In 2016, The Hollywood Reporter rated "The Enterprise Incident" the 33rd best television episode of all Star Trek franchise television prior to Star Trek: Discovery, including live-action and the animated series but not counting the movies. They note that this episode is the favorite of the director of the 2016 film Star Trek: Beyond, Justin Lin.

In 2016, Newsweek ranked "The Enterprise Incident" as one of the best episodes of the original series. They note Spock's interaction with the Romulan commander, and the Federation's desire for a science fiction technology, Star Treks "cloaking device".

In 2017, Comic Book Resources ranked Spock and the Romulan commander the 11th best romantic relationship of the Star Trek franchise up to that time. In 2017, CBR ranked the Romulan commander the 7th "fiercest" female character of the Star Trek universe.

In 2020, SyFy recommended watching this episode for background on Romulans for Star Trek: Picard.
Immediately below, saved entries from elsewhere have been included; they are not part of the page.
Lemma innermost_rel_unique F V (S S' : trs F V) (X X' : relation (term F V)) :
  (forall Y, is_fix S Y <-> is_fix S' Y) ->
  innermost_rel S X -> innermost_rel S' X' -> forall u v, X u v <-> X' u v.
Proof.
  intros Hfix [HX HXleast] [HX' HX'least] u v. split.
  - apply HXleast. apply Hfix. exact HX'.
  - apply HX'least. apply Hfix. exact HX.
Qed.

Lemma clos_rt_incl A (X Y : relation A) :
  inclusion A X Y -> inclusion A (clos_refl_trans A X) (clos_refl_trans A Y).
Proof.
  intros HXY u v H. induction H as [u v H| |u w v _ IH1 _ IH2].
  - apply rt_step. apply HXY. exact H.
  - apply rt_refl.
  - exact (rt_trans _ _ _ _ _ IH1 IH2).
Qed.

Lemma firstn_skipn_elt A (pre post : list A) e :
  firstn (length pre) (pre ++ e :: post) ++ skipn (S (length pre)) (pre ++ e :: post) =
  pre ++ post.
Proof. induction pre as [|a pre IH]; simpl; [reflexivity|]. f_equal. exact IH. Qed.

Section Transformation.
Variables F V : Type.
Notation term := (term F V).
Variables (R : trs F V) (rho : rule F V).
Variables (pre post : list (term * term)) (si ti : term) (th : subst F V).
Hypothesis HR : dctrs R.
Hypothesis Hrho : R rho.
Hypothesis Hconds : conds rho = pre ++ (si, ti) :: post.
Hypothesis Hsi : constructor_term R si.
Hypothesis Hti : constructor_term R ti.
Hypothesis Hmgu : mgu th si ti.

Definition unified_rule : rule F V :=
  mkRule (apply th (lhs rho)) (apply th (rhs rho)) (map (inst_cond th) (pre ++ post)).

Definition unified_trs : trs F V := fun r => (R r /\ r <> rho) \/ r = unified_rule.

Lemma th_unifies : apply th si = apply th ti.
Proof. apply Hmgu. Qed.

Lemma dctrs_rule_unified_rule : dctrs_rule unified_rule.
Proof.
  destruct (proj2 HR rho Hrho) as [Hlhs [Hrhs Hnth]].
  pose proof (proj2 (det_conds_nth _ _) Hnth) as Hdet. rewrite Hconds in Hdet.
  split; [|split].
  - exact (not_var_apply th Hlhs).
  - intros x Hx. unfold unified_rule in *. simpl in *. rewrite vars_apply in *.
    rewrite Hconds in Hrhs.
    exact (cond_vars_del th _ _ _ _ _ th_unifies Hdet x (incl_vars_img th Hrhs x Hx)).
  - apply det_conds_nth. unfold unified_rule. simpl. rewrite vars_apply.
    exact (det_conds_del th _ _ _ _ _ th_unifies Hdet).
Qed.

Lemma dctrs_unified_trs : dctrs unified_trs.
Proof.
  destruct HR as [[l Hl] Hall]. split.
  - exists (unified_rule ::
              filter (fun r => if excluded_middle_informative (r = rho) then false
                               else true) l).
    intros r. unfold unified_trs. simpl. rewrite filter_In, <- Hl.
    destruct (excluded_middle_informative (r = rho)); intuition congruence.
  - intros r [[Hr _]| ->]; [exact (Hall r Hr) | exact dctrs_rule_unified_rule].
Qed.

Lemma defined_unified_trs f : defined unified_trs f -> defined R f.
Proof.
  intros (r & ts & [[Hr _]| ->] & Hl); [exists r, ts; auto|].
  assert (Hnv : ~ is_var (lhs rho)) by (apply HR; exact Hrho).
  unfold unified_rule in Hl. simpl in Hl.
  destruct (lhs rho) as [y|g us] eqn:El; [exfalso; apply Hnv; exists y; reflexivity|].
  injection Hl as -> _. exists rho, us. auto.
Qed.

Section Steps.
Variables (S : trs F V) (X : relation term).
Hypothesis HX : is_fix S X.
Hypothesis HS_lhs : forall r, S r -> ~ is_var (lhs r).
Hypothesis HS_def : forall f, defined S f -> defined R f.

Lemma constructor_instance_irreducible (d : subst F V) c :
  constructor_term R c -> normalized X d -> ~ reducible X (apply d c).
Proof.
  intros Hc. apply irreducible_constructor_instance with S; [exact HX | exact HS_lhs|].
  intros f Hf HfS. exact (Hc f Hf (HS_def HfS)).
Qed.

(* Condition [si ->> ti] holds for the normalized instance only if [sg si = sg ti],
   since [sg si] is an irreducible constructor instance; then [sg] factors through [th]. *)
Lemma innermost_step_to_unified s t :
  innermost_step R X s t -> innermost_step unified_trs X s t.
Proof.
  intros [Hs (p & r & sg & Hr & Hsg & Hp & Hinner & Hcond & Hrep)].
  split; [exact Hs|].
  destruct (excluded_middle_informative (r = rho)) as [->|Hne].
  2: { exists p, r, sg. split; [left; split; assumption|]. auto 6. }
  assert (Hsg_unif : unifier sg si ti).
  { apply clos_rt_irreducible_eq with X.
    - apply Hcond. rewrite Hconds. apply in_or_app. right. left. reflexivity.
    - exact (constructor_instance_irreducible Hsi Hsg). }
  destruct (proj2 Hmgu sg Hsg_unif) as [d Hd].
  destruct (normalized_factorization HX th d Hsg Hd) as (d' & Hd' & Hsg_d').
  assert (Hcomp : forall u, apply sg u = apply d' (apply th u)).
  { intros u. rewrite apply_apply. apply apply_ext. intros x _. apply Hsg_d'. }
  exists p, unified_rule, d'. unfold unified_rule; simpl. rewrite <- !Hcomp.
  split; [right; reflexivity|]. split; [exact Hd'|]. repeat split; auto.
  intros a' b' Hin. apply in_map_iff in Hin as ([a b] & Hab & Hin).
  injection Hab as <- <-. rewrite <- !Hcomp. apply Hcond. rewrite Hconds.
  apply in_app_or in Hin as [Hin|Hin]; apply in_or_app; [left|right; right]; exact Hin.
Qed.

Lemma innermost_step_of_unified s t :
  innermost_step unified_trs X s t -> innermost_step R X s t.
Proof.
  intros [Hs (p & r & d & Hr & Hd & Hp & Hinner & Hcond & Hrep)].
  split; [exact Hs|].
  destruct Hr as [[Hr _]| ->].
  { exists p, r, d. auto 7. }
  set (sg := fun x => apply d (th x)).
  assert (Hcomp : forall u, apply d (apply th u) = apply sg u).
  { intros u. apply apply_apply. }
  assert (Hsg : normalized X sg).
  { intros x. split; [apply ground_apply; apply Hd|].
    apply constructor_instance_irreducible; [|exact Hd].
    intros f Hf. exact (mgu_funs _ Hsi Hti Hmgu x f Hf). }
  unfold unified_rule in *; simpl in *. rewrite !Hcomp in *.
  exists p, rho, sg. split; [exact Hrho|]. split; [exact Hsg|]. repeat split; auto.
  intros a b Hin. rewrite Hconds in Hin. apply in_elt_inv in Hin as [Hab|Hin].
  - injection Hab as -> ->. rewrite <- !Hcomp, th_unifies. apply rt_refl.
  - rewrite <- !Hcomp. apply Hcond. apply in_map_iff. exists (a, b). auto.
Qed.

End Steps.

Lemma is_fix_unified_trs X : is_fix R X <-> is_fix unified_trs X.
Proof.
  assert (HR_lhs : forall r, R r -> ~ is_var (lhs r)) by apply HR.
  assert (Hunified_lhs : forall r, unified_trs r -> ~ is_var (lhs r))
    by apply dctrs_unified_trs.
  split; intros Hfix s t; rewrite (Hfix s t); split.
  - apply innermost_step_to_unified with R; auto.
  - apply innermost_step_of_unified with R; auto.
  - apply innermost_step_of_unified with unified_trs; auto. exact defined_unified_trs.
  - apply innermost_step_to_unified with unified_trs; auto. exact defined_unified_trs.
Qed.

End Transformation.

Theorem mainTheorem14 (F V : Type) (R : trs F V) (rho : rule F V) (i : nat)
    (si ti : term F V) (th : subst F V) :
  dctrs R -> R rho ->
  nth_error (conds rho) i = Some (si, ti) ->
  constructor_term R si -> constructor_term R ti ->
  mgu th si ti ->
  let R' : trs F V := fun r => (R r /\ r <> rho) \/ r = inst_rule_del th rho i in
  dctrs R' /\
  forall (X X' : relation (term F V)),
    innermost_rel R X -> innermost_rel R' X' ->
    forall s t : term F V, ground s -> ground t ->
      (clos_refl_trans (term F V) X s t <-> clos_refl_trans (term F V) X' s t).
Proof.
  intros HR Hrho Hi Hsi Hti Hmgu. cbv zeta.
  destruct (nth_error_split _ _ Hi) as (pre & post & Hconds & <-).
  assert (Hunified : inst_rule_del th rho (length pre) = unified_rule rho pre post th).
  { unfold inst_rule_del, unified_rule. rewrite Hconds, firstn_skipn_elt. reflexivity. }
  rewrite Hunified. split; [eapply dctrs_unified_trs; eassumption|].
  intros X X' HX HX' s t _ _.
  assert (HXX' : forall u v, X u v <-> X' u v).
  { eapply innermost_rel_unique; [|exact HX|exact HX'].
    intros Y. eapply is_fix_unified_trs; eassumption. }
  split; apply clos_rt_incl; intros u v; apply HXX'.
Qed.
In 2020, ScreenRant ranked it as the 4th best episode of TOS to re-watch. They note the similarity in the plot between this episode and season one of Star Trek: Discovery, although instead of the Romulans, the Klingons are shown.

== Releases ==
This episode was released in Japan on December 21, 1993 as part of the complete season 3 LaserDisc set, Star Trek: Original Series log.3. A trailer for this and the other episodes was also included, and the episode had English and Japanese audio tracks. The cover script was スター・トレック TVサードシーズン

The episode was released on VHS in the United Kingdom, paired with "And the Children Shall Lead".

This episode was included in the TOS Season 3 remastered DVD box set, with the remastered version of this episode.